Zoo de Presbyter Kempe. Datgene wat hij in het midden brengt, zal zeker wel eenigszins overdreven zijn. Doch de opgang dien de „Gemeinschaftsbewegung" in Duitschland maakt, duidt toch wel aan, dat er in Duitschland toestanden zijn, die de leden der gemeente er toe brengen, om buiten de kerk en de ambtelijke bediening van Gods Woord te zoeken wat zij in de kerk niet vinden. In de „Gemeinschaften" treedt het element der gemeenteleden sterk op den voorgrond, al werken ook vele predikanten met hen ijverig mede. Wij blijven het echter betreuren, dat het feit, dat van vele kansels steenen in plaats van brood aan het volk gegeven worden, niet leidt tot het zoeken van de reformatie der kerk, maar wel tot het vormen van „Gemeinschaften" die toch nooit geven kunnen, wat de kerk geroepen is te schenken.

Zwitserland. Scheiding van Kerk en Staat in de stad van Calvijn.

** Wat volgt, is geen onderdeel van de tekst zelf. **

Definition submod (M : lmodType R) (N : M -> Prop) :=
  [/\ N 0, (forall x y, N x -> N y -> N (x + y)) & (forall r x, N x -> N (r *: x))].

Definition artinian (M : lmodType R) :=
  forall N : nat -> M -> Prop, (forall n, submod (N n)) ->
    (forall n, subs (N n.+1) (N n)) ->
    exists n0, forall n, (n0 <= n)%N -> same (N n) (N n0).

Definition prodset (M : lmodType R) (I : R -> Prop) (N : M -> Prop) : M -> Prop :=
  fun x => exists s : seq (R * M),
    (forall p, List.In p s -> I p.1 /\ N p.2) /\ x = \sum_(p <- s) p.1 *: p.2.

Fixpoint mpow (M : lmodType R) (m : R -> Prop) (t : nat) : M -> Prop :=
  match t with 0 => fun _ => True | t'.+1 => prodset m (@mpow M m t') end.

(* the ideal m^n of R (R viewed as the regular module R^o) *)
Arguments mpow : clear implicits.
Definition ipow (m : R -> Prop) (n : nat) : R -> Prop := mpow R^o m n.

Definition mtorsion (m : R -> Prop) (M : lmodType R) :=
  forall x : M, exists n, forall r, ipow m n r -> r *: x = 0.

(* (Q, p) is the quotient M / N: p linear, surjective, with kernel N *)
Definition is_quotient (M Q : lmodType R) (p : M -> Q) (N : M -> Prop) :=
  [/\ linear p, (forall q, exists x, p x = q) & (forall x, p x = 0 <-> N x)].

(* bilinear maps and the tensor product, by its universal property *)
Definition bilinear_map (A L W : lmodType R) (f : A -> L -> W) :=
  (forall l, linear (fun a => f a l)) /\ (forall a, linear (f a)).
Definition is_tensor (A L T : lmodType R) (b : A -> L -> T) :=
  bilinear_map b /\
  forall (W : lmodType R) (f : A -> L -> W), bilinear_map f ->
    exists g : T -> W, [/\ linear g, (forall a l, g (b a l) = f a l) &
      forall g' : T -> W, linear g' -> (forall a l, g' (b a l) = f a l) ->
        forall x, g' x = g x].

(* length of a module: supremum of lengths of strictly increasing chains
   of submodules N_0 < N_1 < ... < N_n; value in nat + {oo} (None = oo) *)
Definition has_chain (M : lmodType R) (n : nat) :=
  exists N : nat -> M -> Prop,
    (forall i, (i <= n)%N -> submod (N i)) /\
    (forall i, (i < n)%N -> subs (N i) (N i.+1) /\ exists x, N i.+1 x /\ ~ N i x).

Definition len (M : lmodType R) : option nat :=
  match excluded_middle_informative
          (exists n, has_chain M n /\ forall k, has_chain M k -> (k <= n)%N) with
  | left H => Some (proj1_sig (constructive_indefinite_description _ H))
  | right _ => None
  end.
End Defs.
Arguments mpow {R} M m t.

Geneve heeft dan nu ook scheiding van Kerk en Staat verkregen. De volksstemming maakte met een kleine meerderheid van ongeveer 800 stemmen uit, dat voortaan de kerk zelfstandig zal bestaan. De hoogleeraar Dr. von Orelli schrijft in zijn Kirchenfreund: „De indruk van de eigenlijk voor allen onverwachte gebeurtenis was op dien Zondag, naar het getuigenis van vele ooggetuigen, onbeschrijfelijk. Het treffendst was de droefheid van dezulken, die van overtuiging waren dat door deze verandering het palladium van uit Oud-Genève verwoest was. Men hoorde die patriotten op de openbare pleinen snikken als kinderen. Van onderscheidene andere menschen zegt men, dat zij door het verdriet, dat zij hadden over den uitslag van de stemming, ernstig ziek zijn geworden. Als een bewijs dat de ontroering tot groote hoogte was gestegen, mag wel gelden dat eenige politici op denzelfden avond waarop de beslissing viel, besloten, eene beweging op touw te zetten, om de gevallen beslissing weder ongedaan te maken — een doen dat op republikeinsch standpunt niet te verdedigen is en dat ook uit een kerkelijk oogpunt verwerpelijk moet genoemd worden. Want daardoor zouden

de hartstochten van de hel gaan losbarsten, welke de kerkelijke ontwikkeling zeer in gevaar zouden brengen. Voor de kerkelijke ontwikkeling zijn de omstandigheden bij uitstek gunstig, omdat door alle partijen, inzonderheid door hen die scheiding van Kerk en Staat voorstonden, beloofd is, dat zij wilden medewerken om de kerk opnieuw te bouwen, terwijl zij zich niet ongeneigd toonen om allerlei concessiën te doen. Het Journal de Gerieve heeft ook op Maandag na de stemming het plan om een tegen-veldtocht te organiseeren, streng afgekeurd, en de „Consistoire" heeft met veel waardigheid het feit dat er eenmaal lag, erkend en den eersten stap gedaan om te beraadslagen, hoe men nu verder handelen moet. Wij voegen hieraan toe, dat men de Roomschen verwijt, dat zij bij de stemming den doorslag gegeven hebben; hetgeen zij echter alleen konden doen, omdat de Protestanten zoo sterk verdeeld waren. De oud-Roomschen hebben, hetgeen wel van zelt spreekt, tegen de scheiding gestemd. De Semaine religieuse beweert, dat de vele menschen die van alle kerk vervreemd waren, die steeds radicaal stemden en van geboorte Roomsch waren, den doorslag gegeven hebben. Met die personen heeft men niet gerekend en daarom heefi men zich verrekend. Een blad neemt het gebeurde zeer tragisch op, en beweert dat de Roomschgezinden voor de „Kerk van Calvijn" het graf gedolven hebben. Het zou echter geen ongeluk zijn, wanneer de Roomschen de Protestantsche Kerk van Geneve wilden helpen eindelijk op eigen beenen te staan".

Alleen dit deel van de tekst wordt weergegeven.